3) enfin, la dernière partie se concentrera sur la déchéance de la famille Buddenbrook dans ce monde bourgeois à partir de l’exemple de la mort du sénateur Thomas : cette mort est vraiment un signe de déchéance totale à cause des conditions dans lesquelles elle se déroule : elle part d’une rage de dent, qui met ensuite en lumière chez le dentiste une sorte de pourriture intérieure, une attaque de l’intérieur, à laquelle le dentiste ne semble pas vraiment prêt à s’attaquer (impression de renoncement, d’abandon), mort dans la rue dans des conditions presque comiques au final, vu la façon dont il tombe et meurt, images des passants qui attendent, comme au spectacle, sa chute complète avant d’aller le voir par terre : nouvel abandon : on a beau être sénateur d’une grande famille, lorsqu’on meurt dans la rue ainsi, on meut aussi seul et aussi mal que les autres … Finalement, la frontière qui avait été mise au début entre ces deux mondes s’estompe (d’ailleurs, elle est assez nette dans le texte : changement de paragraphe sans réelle transition, description versus dialogue etc.) : la mort de Thomas est comme vous le disiez comparable à celle des poissons : la déchéance peut atteindre tout le monde, y compris cette famille, dont le statut est une construction, et donc aussi fragile.

Ce point des frontières qui au final s’estompent pour montrer la déchéance de la famille peut constituer votre conclusion. L’avantage est qu’avec cette idée forte en fin de commentaire, vous montrez que vous avez réellement fait une lecture construite, personnelle et complète de l’extrait en dégageant une interprétation forte à la fin. A vous ensuite d’affiner donc ce plan, de voir comment classer les idées au sein des axes, toujours en étant progressif. Et bien sûr, il reste les habituels conseils de forme que vous connaissez : soignez les transitions, l’orthographe, le style, insérez les situations dans vos phrases entre guillemets, soignez la conclusion, dernière impression du correcteur (idée finale et éventuellement ouverture sur la suite de l’½uvre : comment cette idée va se confirmer par la suite par exemple).

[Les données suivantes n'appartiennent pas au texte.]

Definition frmOf (A : HLAraw) : Fraw :=
  @mkFr {p : hcar A -> Prop | primef A p}
    (fun p q => forall a, proj1_sig p a -> proj1_sig q a)
    (fun p q => forall a b, proj1_sig p (hlew A a b) -> proj1_sig q a ->
                            proj1_sig q b)
    (fun S => exists a, S = (fun p => proj1_sig p a)).

Lemma primef_pre (A B : HLAraw) (h : Hom A B) (q : hcar B -> Prop) :
  primef B q -> primef A (fun a => q (h a)).
Proof.
  intros [up mt tp bt pr]. destruct h as [f Hf]; simpl; destruct Hf as [hm hj hi hl ht hb].
  split.
  - intros a b Hab Ha. apply (up (f a)); [|exact Ha].
    unfold hle in *. rewrite <- hm, Hab. reflexivity.
  - intros a b Ha Hb. rewrite hm. apply mt; assumption.
  - rewrite ht. exact tp.
  - rewrite hb. exact bt.
  - intros a b H. rewrite hj in H. apply pr. exact H.
Qed.

Definition frmMor (A B : HLAraw) (h : Hom A B) :
    fcar (frmOf B) -> fcar (frmOf A) :=
  fun q => exist _ (fun a => proj1_sig q (h a))
                 (primef_pre A B h _ (proj2_sig q)).

From Stdlib Require Import List Classical ClassicalEpsilon.
From Stdlib Require Import FunctionalExtensionality PropExtensionality ProofIrrelevance.
From mathcomp Require classical_sets.

(* The proof is a Stone/Esakia-style representation argument.  The one
   non-trivial tool is a relative prime filter theorem, proved by Zorn's lemma:
   if [R] is a preorder on an HLA compatible with ⊓, ⊔ and ≤ (e.g. [≤] itself,
   or [c ⊸ d ∈ q] for a prime filter [q]), every ⊓-closed set disjoint from an
   [R]-ideal extends to an [R]-upward closed prime filter avoiding that ideal.
   From it we obtain that [a ↦ ã] commutes with ⇒ and ⊸, separates elements,
   and that the prime filter frame [A_*] is compact, hence descriptive; and that
   [h⁻¹] satisfies the back conditions of a frame morphism.
   Dually, the admissible sets of a descriptive frame [X] form an HLA [X^*], the
   back conditions make [f⁻¹] a homomorphism, and [x ↦ {a | x ∈ a}] is a
   bijection [X ≅ (X^* )_*] preserving and reflecting both relations
   (refinedness gives injectivity, compactness surjectivity). *)

Lemma set_ext {T : Type} (s t : T -> Prop) : (forall x, s x <-> t x) -> s = t.
Proof.
  intro H. apply functional_extensionality; intro x.
  apply propositional_extensionality, H.
Qed.
(* Let $A,B\in\mathbb{C}^{n\times n}$ be Hermitian positive semidefinite matrices. For any integers $k,h\ge1$ with $kh+1\le n$, \[ \lambda_{kh+1}(A\circ B)\le\lambda_1(B)\,\mathrm{Tr}(A_{>k})+\lambda_1(A)\,\mathrm{Tr}(B_{>h})+\mathrm{Tr}(A_{>k})\,\mathrm{Tr}(B_{>h}), \] where $\mathrm{Tr}(M_{>r}):=\sum_{j=r+1}^{n}\lambda_j(M)$.
   Context: For a Hermitian matrix $M$, $\lambda_1(M)\ge\lambda_2(M)\ge\dots\ge\lambda_n(M)$ denote its eigenvalues in decreasing order. $A\circ B$ denotes the entrywise (Hadamard) product. *)

(* complex matrices over R[i] for R : realType (R[i] = C when R = the reals). *)
From HB Require Import structures.
From mathcomp Require Import all_boot all_order all_algebra.
From mathcomp Require Import complex reals.
Set Implicit Arguments. Unset Strict Implicit. Unset Printing Implicit Defensive.
Import Order.TTheory GRing.Theory Num.Theory.
Local Open Scope ring_scope.

Section Spectral.
Variable R : realType.
Local Notation C := (R[i]).

Definition hermitian (n : nat) (A : 'M[C]_n) : Prop :=
  (map_mx Num.conj A)^T = A.

Definition psd (n : nat) (A : 'M[C]_n) : Prop :=
  hermitian A /\
  forall v : 'cV[C]_n, 0 <= ((map_mx Num.conj v)^T *m A *m v) 0 0.

Definition hadamard (n : nat) (A B : 'M[C]_n) : 'M[C]_n :=
  \matrix_(i, j) (A i j * B i j).

(* The eigenvalues of A with algebraic multiplicity: the roots of the
   (monic) characteristic polynomial, which splits over the closed field C. *)
Definition eigs (n : nat) (A : 'M[C]_n) : seq C :=
  sval (closed_field_poly_normal (char_poly A)).

(* Eigenvalues (real parts; they are real for Hermitian A) in decreasing order. *)
Definition eigs_desc (n : nat) (A : 'M[C]_n) : seq R :=
  sort (fun x y : R => y <= x) [seq complex.Re z | z <- eigs A].

(* lambda A j = lambda_j(A), 1-indexed: lambda A 1 >= lambda A 2 >= ... *)
Definition lambda (n : nat) (A : 'M[C]_n) (j : nat) : R :=
  nth 0 (eigs_desc A) j.-1.

Definition trace_gt (n : nat) (A : 'M[C]_n) (r : nat) : R :=
  \sum_(r.+1 <= j < n.+1) lambda A j.

End Spectral.

From HB Require Import structures.
From mathcomp Require Import all_boot all_order all_algebra.
From mathcomp Require Import complex reals.
From mathcomp Require Import ring zify fingroup perm.
Import Order.TTheory GRing.Theory Num.Theory.
Local Open Scope ring_scope.

Set Implicit Arguments. Unset Strict Implicit. Unset Printing Implicit Defensive.

(* Diagonalize A = P^* diag(a) P, B = Q^* diag(b) Q and A o B = U^* diag(mu) U.
   Then v^* (A o B) v = sum_(i,j) a_i b_j |c_ij|^2 with c_ij = sum_q P_iq Q_jq v_q.
   Since kh + (n - kh - 1) < n, some v != 0 kills the kh vectors (P_iq Q_jq)_q
   for i, j among the indices of the k (resp. h) largest eigenvalues of A (resp. B),
   and lies in the span of the kh + 1 leading eigenvectors of A o B.  For this v
   the left side is at least lambda_(kh+1)(A o B) |v|^2, while on the right only
   pairs with i or j outside the leading indices survive; Bessel's inequality
   bounds every row and column sum of |c_ij|^2 by |v|^2, and bounding a_i, b_j by
   lambda_1 on the leading indices gives the three terms of the bound. *)

Local Notation ct X := ((map_mx Num.conj X)^T).

Section OrthogonalVector.
Variables (F : fieldType) (n : nat).

Lemma mulmx_ker_nonzero p (G : 'M[F]_(p, n)) : (p < n)%N ->
  exists2 v : 'cV[F]_n, v != 0 & G *m v = 0.
Proof.
move=> ltpn.
have rank_gt0 : (0 < \rank (kermx G^T))%N.
  rewrite mxrank_ker subn_gt0; apply: leq_ltn_trans ltpn; exact: rank_leq_col.
have ker_neq0 : kermx G^T != 0 by rewrite -mxrank_eq0 -lt0n.
have [i row_neq0] : exists i, row i (kermx G^T) != 0.
  apply/existsP; apply: contraNT ker_neq0 => /existsPn rows_eq0.
  apply/eqP/row_matrixP => i; rewrite row0; exact/eqP/negbNE/rows_eq0.
exists (row i (kermx G^T))^T; first by rewrite trmx_eq0.
have /sub_kermxP rowG := row_sub i (kermx G^T).
by rewrite -[G]trmxK -trmx_mul trmxK rowG trmx0.
Qed.

Lemma exists_nonzero_orthogonal (I : finType) (f : I -> 'I_n -> F) (S : {set I}) :
  (#|S| < n)%N ->
  exists2 v : 'cV[F]_n, v != 0 & forall i, i \in S -> \sum_q f i q * v q 0 = 0.
Proof.
move=> ltSn.
have [v vnz Gv] := mulmx_ker_nonzero
  (\matrix_(r, q) f (enum_val r) q : 'M_(#|S|, n)) ltSn.
exists v => // i iS; have /matrixP/(_ (enum_rank_in iS i) 0) := Gv.
by rewrite !mxE; under eq_bigr do rewrite mxE enum_rankK_in //.
Qed.
Lemma pcomb_ker (K : fieldType) (V : vectType K) (v : nat -> V) :
  exists2 p : {poly K}, p != 0 & pcomb v p = 0.
Proof.
pose n := \dim {: V}; pose X := [tuple v i | i < n.+1].
have X_dep : ~~ free X.
  apply/negP => /eqP dim_X.
  by have := dimvS (subvf <<X>>); rewrite dim_X size_tuple ltnn.
have [k k_rel [i ki_neq0]] : exists2 k : 'I_n.+1 -> K,
    \sum_(i < n.+1) k i *: X`_i = 0 & exists i, k i != 0.
  apply: NNPP => no_k; apply: (negP X_dep); apply/freeP => k k_rel i.
  by apply: NNPP => /eqP ki_neq0; apply: no_k; exists k => //; exists i.
exists (\poly_(i < n.+1) k (inord i)).
  apply: contra ki_neq0 => /eqP p0.
  have := coef_poly n.+1 (fun i => k (inord i)) i.
  by rewrite p0 coef0 ltn_ord inord_val => <-.
rewrite (pcomb_widen _ (size_poly _ _)) -[RHS]k_rel; apply: eq_bigr => j _.
by rewrite coef_poly ltn_ord inord_val nth_mktuple.
Qed.

Section PowerCombinations.
Variables (K : fieldType) (V : lmodType K) (mul : V -> V -> V) (x : V).
Hypothesis mul_bilinear : bilinear_prod mul.

(* [peval p] is the value of 'X * p at x, as [ppow mul x i] is x^(i+1). *)
Local Notation peval := (pcomb (ppow mul x)).

Lemma pcombX (p : {poly K}) : peval ('X * p) = mul x (peval p).
Proof.
have [->|p_neq0] := eqVneq p 0; first by rewrite mulr0 linear0 bmul0r.
rewrite mulrC /pcomb size_mulX // big_ord_recl coefMX /= scale0r add0r.
rewrite bmul_sumr //; apply: eq_bigr => i _.
by rewrite coefMX /bump /= add0n bmulZr.
Qed.

Lemma pcomb_dvdp (h q : {poly K}) : peval h = 0 -> h %| q -> peval q = 0.
Proof.
move=> h_ker /dvdpP[r ->].
elim/poly_ind: r => [|r c IH]; first by rewrite mul0r linear0.
rewrite mulrDl (mulrC r) -mulrA linearD /= pcombX IH bmul0r // add0r.
by rewrite mul_polyC linearZ /= h_ker scaler0.
Qed.

Lemma pcomb_XnM i (q : {poly K}) :
  peval ('X ^+ i.+1 * q) = \sum_(j < size q) q`_j *: ppow mul x (i + j).+1.
Proof.
elim: i => [|i IH]; last rewrite exprS -mulrA pcombX IH.
  by rewrite expr1 pcombX bmul_sumr //; apply: eq_bigr => j _; rewrite bmulZr.
by rewrite bmul_sumr //; apply: eq_bigr => j _; rewrite bmulZr.
Qed.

Ce texte est long et pas si évident à interpréter malgré la relative facilité de la langue écrite utilisée ; j’espère vous avoir aidé à voir comment on peut malgré tout déployer la méthode de l’exercice sur ce cas et construire un plan progressif, répondant aux exigences du genre. Le reste est toujours affaire bien sûr de qualité des interprétations (mais sur ce point, vous me paraissez bien parti) et de qualité stylistique.

Sur ces derniers points, je vous souhaite un bon travail de rédaction … et de très bonnes fêtes de fin d’année !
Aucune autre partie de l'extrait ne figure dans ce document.